# Ibanez BTB7 limited edition



## ixlramp

http://www.ibanez.co.jp/usa/news/f_products/2013/BTB/index.html






A dream instrument but i've just bought a BTB676 NTF, also, it's top end spec and price. Please make an affordable BTB677


----------



## Whammy

I love how slim the pickups are on this


----------



## MaxOfMetal

With a list of $1700, this will probably street for ~$1300. Not bad at all, a good option over the GTBD-7, and possibly a nice upgrade over a standard GT-7.


----------



## troyguitar

Interesting, I've been thinking about 7-string basses recently and wishing there were more production model options.


----------



## Jedi_Ekim

What's the scale on this beast?


----------



## 7stg

Jedi_Ekim said:


> What's the scale on this beast?



35"


----------



## Veldar

I might get one at the end of this year.....


----------



## TemjinStrife

Interesting! 6 is usually too much for me due to neck width, but I like super-tight string spacing, and this looks like they managed to cram 7 strings on a 6-string BTB neck.

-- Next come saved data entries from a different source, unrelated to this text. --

Lemma near0_b_J_lt a a' (al y : R) : 0 < al -> b a a' al < y ->
  \forall e \near 0^'+, forall lo hi, lo <= al -> al <= hi -> hi - lo <= e ->
    bJ a a' lo hi < y.
Proof.
move=> al0 by0; pose K := 2 * `|du a a' mu0| / al ^+ 2.
have K0 : 0 <= K by apply: divr_ge0; [apply: mulr_ge0 | rewrite sqr_ge0].
have slack : 0 < y - b a a' al by rewrite subr_gt0.
near=> e => lo hi la ah he.
have e0 : 0 < e by near: e; exact: nbhs_right_gt.
have e_al : e < al / 2 by near: e; apply: nbhs_right_lt; rewrite divr_gt0.
have eK : forall k, `|k| <= e -> 0 < y - b a a' al + k * - K.
  by near: e; exact: near0_addr_mul_gt0.
have {}eK : 0 < y - b a a' al + e * - K by apply: eK; rewrite gtr0_norm.
have close x : lo <= x <= hi -> b a a' x < y.
  move=> /andP[lx xh]; have x2 : al <= 2 * x by lra.
  have := b_alpha_lipschitz a a' al0 x2; rewrite -/K => b_x.
  have : `|x - al| * K <= e * K by rewrite ler_wpM2r // ler_norml; apply/andP; split; lra.
  lra.
by rewrite /b_J gt_max !close ?lexx ?la ?(le_trans la ah).
Unshelve. all: by end_near.
Qed.

Lemma EuR_subr a a' q : EuR uR a q - EuR uR a' q = du a a' q.
Proof. by rewrite /EuR -sumrB; apply: eq_bigr => w _; ring. Qed.
(* Generalized Sierpinski graph S_G^n: vertices are words of length n over V,
   coordinates indexed 0..n-1 (coordinate i here is coordinate i+1 of the paper). *)
Definition sierp_adj (V : finType) (e : rel V) (n : nat) : rel {ffun 'I_n -> V} :=
  fun u v => [exists d : 'I_n,
    [&& [forall i : 'I_n, (i < d) ==> (u i == v i)],
        e (u d) (v d) &
        [forall i : 'I_n, (d < i) ==> ((u i == v d) && (v i == u d))]]].

Definition C5 : rel 'I_5 :=
  fun x y => ((x.+1 %% 5) == y) || ((y.+1 %% 5) == x).

Arguments sierp_adj {V} e n : rename.

From mathcomp Require Import all_boot zmodp zify.
Set Implicit Arguments. Unset Strict Implicit. Unset Printing Implicit Defensive.

(* S^1 is C_5, whose edge {i, i+1} can be coloured i/2 rounded
   down.  For n >= 2, sending a word to its last two letters maps S^n
   homomorphically onto S^2 enlarged by the edges (a, a) ~ (b, b).  A vertex has
   at most one edge that changes a letter before the last one, so on every
   2-path x - y - z of S^n with x <> z the images of x and z differ and one of
   the two edges only changes the last letter.  Hence a 4-colouring of the
   25-vertex image graph that separates the ends of the 3-edge walks whose both
   2-subpaths contain such a "marked" edge pulls back to an injective colouring
   of S^n.  C_5 has no injective 2-colouring and S^2 no injective
   3-colouring (exhaustive backtracking search), and S^2 embeds into S^n by
   padding words with a constant prefix. *)

Section InjectiveEdgeColorings.
Variables (V : finType) (e : rel V).
(* Consider $\mathrm{USD}_p$ with $p\in[0,1]$ and let $c_s>0$ be an arbitrary constant. Let $\mathbf{x}(t_0)$ be a configuration at time $t_0$ with negative weighted bias $\Delta_{\bar{w}}(t_0) \geq c_s n$. Let $T_1 := \inf\{t \geq t_0 : x_1(t) = 0\}$. Then $\Pr[T_1 - t_0 \leq 20 c_s^{-1} n\log n] \geq 1-n^{-2}$.
   Context: Population protocol with $n$ agents, each in a state from $\{1,2,\bot\}$ (Opinion 1, Opinion 2, undecided). At each time step a scheduler picks an ordered pair $(i,j)$ of agents uniformly at random, independently of the past; only the initiator $i$ changes state. In $\mathrm{USD}_p$: if the initiator is $2$ and the responder $1$, the initiator becomes $\bot$; if the initiator is $1$ and the responder $2$, the initiator becomes $\bot$ with probability $1-p$ and otherwise stays $1$; if the initiator is $\bot$, it adopts the responder's state; otherwise nothing changes. $x_1(t),x_2(t),u(t)$ are the numbers of agents in states $1,2,\bot$ after $t$ interactions. The negative weighted bias is $\Delta_{\bar{w}}(t) := (1-p)x_2(t) - x_1(t)$. *)

From HB Require Import structures.
From mathcomp Require Import all_boot all_order all_algebra.
From mathcomp Require Import reals exp.
Set Implicit Arguments. Unset Strict Implicit. Unset Printing Implicit Defensive.
Import Order.TTheory GRing.Theory Num.Theory.
Local Open Scope ring_scope.

(* Agent states: [Some true] = opinion 1, [Some false] = opinion 2,
   [None] = undecided (bot). *)
Definition agent_state := option bool.
Definition op1 : agent_state := Some true.
Definition op2 : agent_state := Some false.
Definition und : agent_state := None.

Definition config (n : nat) := {ffun 'I_n -> agent_state}.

I'd definitely be interested to try one... the Conklins are too wide for my hands.


----------



## iron blast

this is crazy


----------



## Winspear

Oh my god yes


----------



## Veldar

I think it's to be used with the 9 string guitar.


----------



## Winspear

Veldar said:


> I think it's to be used with the 9 string guitar.



 
I would totally buy this, but sadly, my 7 string bass is going to be a 39". I have decided this.


----------



## TomAwesome

The 35" scale is a bit disappointing (I was hoping for 37"+ when I saw this picture yesterday), but aside from that, this is very cool. I might have to sell my SR506 and upgrade.


----------



## abandonist

Oh man, I just bought a 6 string BTB.



But also


----------



## Brill

Anyone know the string spacing? 
Cause i might concider picking this up to mmke it a wide neck 6(


----------



## in-pursuit

for the price this is likely to be, you could afford to have someone make you a 6 string bass with whatever string spacing you like.


----------



## ZEBOV

I'm pretty damn sure I'll grab one of these before June.


----------



## iron blast

or he could buy a broad neck warwick used they are around the cost of this bass


----------



## Veldar

So there's a guy called Ben Shepherd trying it out.

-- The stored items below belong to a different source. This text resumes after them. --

(* Let $(E,\mathscr{T},\le)$ be a locally compact $T_2$-preordered Tychonoff space with $G(\le)=\bigcap_{f\in\mathcal{F}}G_f$, and let $\mathcal{H}\subseteq\mathcal{F}$ with $G(\le)=\bigcap_{h\in\mathcal{H}}G_h$. Then the $\mathcal{H}$-compactification $c:E\to cE$ is the smallest Hausdorff $T_2$-preorder compactification for which the functions in $\mathcal{H}$ are extendable as continuous isotone functions: it is a Hausdorff $T_2$-preorder compactification for which every $h\circ c^{-1}$, $h\in\mathcal{H}$, extends to a continuous isotone function on $cE$, and every Hausdorff $T_2$-preorder compactification $c':E\to c'E$ for which every $h\circ c'^{-1}$, $h\in\mathcal{H}$, extends to a continuous isotone function $c'E\to[0,1]$ dominates the $\mathcal{H}$-compactification.
   Context: $T_2$-preordered: the graph $G(\le)=\{(x,y):x\le y\}$ is closed in $E\times E$. $\mathcal{F}$ is the family of continuous isotone functions $f:E\to[0,1]$; $G_f=\{(x,y):f(x)\le f(y)\}$. $\mathcal{C}$ is the family of continuous functions $E\to[0,1]$ constant outside a compact set. The $\mathcal{H}$-compactification is $c:E\to[0,1]^{\mathcal{H}\cup\mathcal{C}}$, $c(x)=(g(x))_{g\in\mathcal{H}\cup\mathcal{C}}$, with $cE$ the closure of $c(E)$, the induced product topology, and preorder $x\le_c y$ iff $x_h\le y_h$ for all $h\in\mathcal{H}$. A Hausdorff $T_2$-preorder compactification of $E$ is a preorder embedding (continuous isotone injective, homeomorphism onto image, isotone inverse on image with induced preorder) $c:E\to cE$ with dense image into a compact Hausdorff space with a preorder having closed graph. $c_2$ dominates $c_1$ if there is a continuous isotone $C:c_2E\to c_1E$ with $C\circ c_2=c_1$. *)

From HB Require Import structures.
From mathcomp Require Import all_boot all_order all_algebra.
From mathcomp Require Import all_classical all_reals all_analysis.
Import numFieldNormedType.Exports.
Import Order.TTheory GRing.Theory Num.Theory.

Set Implicit Arguments.
Unset Strict Implicit.
Unset Printing Implicit Defensive.

Local Open Scope classical_set_scope.
Local Open Scope ring_scope.

Section Defs.
Variable R : realType.

Definition is_preorder (T : Type) (le : T -> T -> Prop) : Prop :=
  (forall x, le x x) /\ (forall x y z, le x y -> le y z -> le x z).

Definition T2_preordered (T : topologicalType) (le : T -> T -> Prop) : Prop :=
  closed [set p : T * T | le p.1 p.2].

Definition isotone (T : Type) (le : T -> T -> Prop) (f : T -> R) : Prop :=
  forall x y, le x y -> f x <= f y.

Definition unit_valued (T : Type) (f : T -> R) : Prop :=
  forall x, 0 <= f x <= 1.

Definition Ffam (E : topologicalType) (le : E -> E -> Prop) : set (E -> R) :=
  [set f | [/\ continuous f, isotone le f & unit_valued f]].

(** G(le) = intersection of the G_f, f in a family Fs. *)
Definition graph_determined (E : Type) (le : E -> E -> Prop)
  (Fs : set (E -> R)) : Prop :=
  forall x y, le x y <-> (forall f, Fs f -> f x <= f y).

Definition Cfam (E : topologicalType) : set (E -> R) :=
  [set g | [/\ continuous g, unit_valued g &
     exists K : set E, compact K /\ exists a : R, forall x, ~ K x -> g x = a]].

(** Preorder embedding: continuous, isotone, injective, homeomorphism onto
    its image, with isotone inverse on the image (induced preorder). *)
Definition preorder_embedding (E K : topologicalType)
  (leE : E -> E -> Prop) (leK : K -> K -> Prop) (c : E -> K) : Prop :=
  [/\ continuous c, injective c,
      (forall U : set E, open U ->
         exists V : set K, open V /\ c @` U = V `&` range c) &
      (forall x y, leE x y <-> leK (c x) (c y))].

Definition T2_preorder_compactification (E K : topologicalType)
  (leE : E -> E -> Prop) (leK : K -> K -> Prop) (c : E -> K) : Prop :=
  [/\ compact [set: K], hausdorff_space K,
      is_preorder leK /\ T2_preordered leK,
      preorder_embedding leE leK c & dense (range c)].

Definition extendable (E K : topologicalType) (leK : K -> K -> Prop)
  (c : E -> K) (h : E -> R) : Prop :=
  exists F : K -> R, [/\ continuous F, isotone leK F, unit_valued F &
                         forall x, F (c x) = h x].

Definition dominates (E K1 K2 : topologicalType)
  (leK1 : K1 -> K1 -> Prop) (leK2 : K2 -> K2 -> Prop)
  (c2 : E -> K2) (c1 : E -> K1) : Prop :=
  exists C : K2 -> K1, [/\ continuous C,
     (forall p q, leK2 p q -> leK1 (C p) (C q)) &
     forall x, C (c2 x) = c1 x].

Section HComp.
Variables (E : topologicalType) (H : set (E -> R)).

Definition HIdx : Type := {g : E -> R | (H `|` @Cfam E) g}.

Definition Hmap (x : E) : {ptws HIdx -> R} := fun i => sval i x.

Definition HcE_set : set {ptws HIdx -> R} := closure (range Hmap).

Definition HcE : topologicalType :=
  initial_topology (@sval _ (fun p => p \in HcE_set)).

Lemma Hmap_in (x : E) : Hmap x \in HcE_set.
Proof. by rewrite inE; apply: subset_closure; exists x. Qed.

Definition Hc (x : E) : HcE := exist _ (Hmap x) (Hmap_in x).

Definition Hle (p q : HcE) : Prop :=
  forall i : HIdx, H (sval i) -> sval p i <= sval q i.

End HComp.
End Defs.

(* Evaluation embeds E into the cube [0,1]^(H u C), and by Tychonoff the
   closure of its image is compact; the H-coordinates give a closed preorder
   which restricts to the given one because H determines the graph of <=.
   Bump functions in C, which exist because E is locally compact and
   completely regular, make evaluation an embedding.  For minimality, take
   another compactification c' : E -> K.  Each h in H extends by hypothesis;
   each g in C extends because it is constant off a compact set, whose image
   is closed in K, and c'(E) is open in K.  The product of these extensions is
   a continuous isotone map K -> [0,1]^(H u C) with values in the closure of
   the image of E. *)

From HB Require Import structures.
From mathcomp Require Import all_boot all_order all_algebra.
From mathcomp Require Import all_classical all_reals all_analysis.
Import numFieldNormedType.Exports.
Import Order.TTheory GRing.Theory Num.Theory.
Local Open Scope classical_set_scope.
Local Open Scope ring_scope.

Lemma continuous_prod_topology (Z : topologicalType) (I : Type)
    (K : I -> topologicalType) (f : Z -> prod_topology K) :
  (forall i, continuous (fun z => f z i)) -> continuous f.
Proof.
move=> fc z; apply/cvg_sup => i A /=.
rewrite nbhsE => -[B [[C oC <-] Cfz] BA].
have : nbhs z ((fun z => f z i) @^-1` C) by apply: fc; exact: open_nbhs_nbhs.
by rewrite nbhs_simpl /= nbhsE => -[D [oD Dz] DC]; exists D => // w /DC /BA.
Qed.

Lemma closed_le_continuous (R : realType) (T : topologicalType) (f g : T -> R) :
  continuous f -> continuous g -> closed [set x | f x <= g x].
Proof.
move=> fc gc; have -> : [set x | f x <= g x] = (f - g) @^-1` [set r | r <= 0].
  by apply/seteqP; split => x /=; rewrite !fctE subr_le0.
apply: preimage_closed; last exact: closed_le.
by move=> x _; exact: (@continuousB _ R^o _ f g x (fc x) (gc x)).
Qed.

Section InitialSubset.
Context {T : topologicalType} (A : set T).
Local Notation Sub := (initial_topology (@sval T (fun p => p \in A))).

Lemma initial_subset_compact : compact A -> compact [set: Sub].
Proof.
move=> cA F FF _; pose G := (@sval T _) @ F.
have GA : G A.
  suff : F [set p : Sub | A (sval p)] by [].
  by apply: filterS (filterT (F := F)) => p _; exact: set_mem (proj2_sig p).
have [q [Aq cq]] := cA G (fmap_proper_filter _ FF) GA.
exists (exist _ q (mem_set Aq)); split => // B N FB; rewrite nbhsE.
move=> -[N' [[W oW <-] Wq] N'N].
have GB : G ((@sval T _) @` B).
  suff : F ((@sval T _) @^-1` ((@sval T _) @` B)) by [].
  by apply: filterS FB; exact: preimage_image.
have [_ [[b Bb <-] Wb]] := cq _ _ GB (open_nbhs_nbhs (conj oW Wq)).
by exists b; split => //; exact: N'N.
Qed.

Lemma initial_subset_hausdorff : hausdorff_space T -> hausdorff_space Sub.
Proof.
move=> hT p q cpq; apply: eq_sig_hprop => [x|]; first exact: Prop_irrelevance.
apply: hT => U V nU nV.
have [r [Ur Vr]] := cpq _ _ (initial_continuous nU) (initial_continuous nV).
by exists (sval r).
Qed.

End InitialSubset.

Section LocallyCompact.
Context (R : realType) {E : topologicalType}.
Hypotheses (lcE : locally_compact [set: E]) (crE : completely_regular_space E).

(* Separate x from the complement of the interior of U `&` K, where K is a
   compact neighbourhood of x: the Urysohn function is then 1 outside K. *)
Lemma compact_support_bump {x : E} {U : set E} : open U -> U x ->
  exists g, [/\ @Cfam R E g, g x = 0 & forall z, g z < 1 -> U z].
Proof.
move=> oU Ux; have [K nK [cK _]] := lcE x Logic.I; rewrite withinET in nK.
pose B := ~` interior (U `&` K).
have clB : closed B by rewrite closedC; exact: open_interior.
have nBx : ~ B x by apply; apply: filterI nK; exact: open_nbhs_nbhs.
have sep := crE x B clB nBx.
have g1 z : B z -> Urysohn [set x] B z = 1 :> R.
  by move=> Bz; apply: (@Urysohn_sub1 E R _ _ sep); exists z.
exists (Urysohn [set x] B); split.
- split; first exact: Urysohn_continuous.
  + move=> z; have /= := @Urysohn_range E R [set x] B _ (imageT _ z).
    by rewrite in_itv.
  + by exists K; split => //; exists 1 => z Kz; apply: g1 => /interior_subset [].
- by apply: (@Urysohn_sub0 E R _ _ sep); exists x.
- move=> z gz; apply: contrapT => Uz; move: gz; rewrite g1 ?ltxx //.
  by move=> /interior_subset [].
Qed.

End LocallyCompact.

Section DenseEmbedding.
Context {E K : topologicalType} {c : E -> K}.
Hypotheses (lcE : locally_compact [set: E]) (hK : hausdorff_space K).
Hypotheses (c_cont : continuous c) (c_inj : injective c).
Hypothesis c_open : forall U : set E, open U ->
  exists V : set K, open V /\ c @` U = V `&` range c.
Hypothesis c_dense : dense (range c).

Lemma closed_image_compact (N : set E) : compact N -> closed (c @` N).
Proof.
move=> cN; apply: compact_closed hK _.
by apply: continuous_compact => //; exact: continuous_subspaceT.
Qed.

(* With c @` U = V `&` range c for U inside a compact neighbourhood N, density
   puts V in the closure of c @` U, hence in the closed set c @` N. *)
Lemma open_range_dense_embedding : open (range c).
Proof.
rewrite openE => _ [x _ <-]; have [N nN [cN _]] := lcE x Logic.I.
move: nN; rewrite withinET nbhsE => -[U [oU Ux] UN].
have [V [oV cUV]] := c_open _ oU.
have Vx : V (c x) by have [] : (V `&` range c) (c x) by rewrite -cUV; exists x.
rewrite /interior nbhsE; exists V => // v Vv.
suff [z _ <-] : (c @` N) v by exists z.
apply: (closed_image_compact _ cN) => B; rewrite nbhsE => -[B0 [oB0 B0v] B0B].
have [w [[B0w Vw] [z _ ezw]]] : (B0 `&` V) `&` range c !=set0.
  by apply: c_dense; [exists v | exact: openI].
subst w.
have [u Uu ezu] : (c @` U) (c z) by rewrite cUV.
by exists (c z); split; [exists u => //; exact: UN | exact: B0B].
Qed.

Ben Shepherd trying out a 7 string Ibanez BTB Bass at NAMM - YouTube


----------



## ixlramp




----------



## Dayn

My prayers have been answered. Even if it's a Premium. It's perfect.


----------



## abandonist

Wait, is this tuned like the Bill Dickinson Groovetools, or is that an extra low?


----------



## DavidLopezJr

Veldar said:


>


Holy crap do those new Ibanez Cap Sonic pups sound great. They currently have it tuned BEADGCF.


----------



## troyguitar

I actually want a 7-string bass to tune the same as my 7-string guitars (BEADGBE) so I don't have to memorize a different tuning. Since I use the first string as a reference instead of the lowest one, playing bass always messes with my head.


----------



## TolerancEJ

I would love to own this! I already own a GTBD-7 tuned at standard BEADGCF. If I picked up this BTB7, I would set it up at F#BEADFC.


----------



## ApteraBassist

troyguitar said:


> I actually want a 7-string bass to tune the same as my 7-string guitars (BEADGBE) so I don't have to memorize a different tuning. Since I use the first string as a reference instead of the lowest one, playing bass always messes with my head.



this is how my basses are tuned. there seriously needs to be more production model 7's... good for ibanez jumping on it early


----------



## LivingTimmy

Any idea when/if these things will be selling?! Me wants sooo bad


----------



## The Omega Cluster

I think I will give in and buy this...


----------



## Alpenglow

Loxodrome said:


> Anyone know the string spacing?
> Cause i might concider picking this up to mmke it a wide neck 6(


----------



## JosephAOI

From Danny Hauser:

"Ibanez hooked it up so hard!! Cant stop playing this!"


----------



## MassNecrophagia

Loxodrome said:


> Anyone know the string spacing?
> Cause i might concider picking this up to mmke it a wide neck 6(


 
Don't be _that_ guy


----------



## DavidLopezJr

Hey guys I contacted Ibanez about the BTB and here is the response:


----------



## ixlramp

Very reasonable price considering the top-end hardware and pickups. They could have inflated the price just because it had 7 strings.


----------



## HighGain510

Damn! That thing sounds excellent and the price is really not that bad.


----------



## SamSam

I'm kinda tempted by these too. I don't own a bass but damn...


----------



## rythmic_pulses

My bass player owns a BTB and he hates it????
I however love the extra tension you get from that extra inch it packs (to me it makes all the difference in clarity).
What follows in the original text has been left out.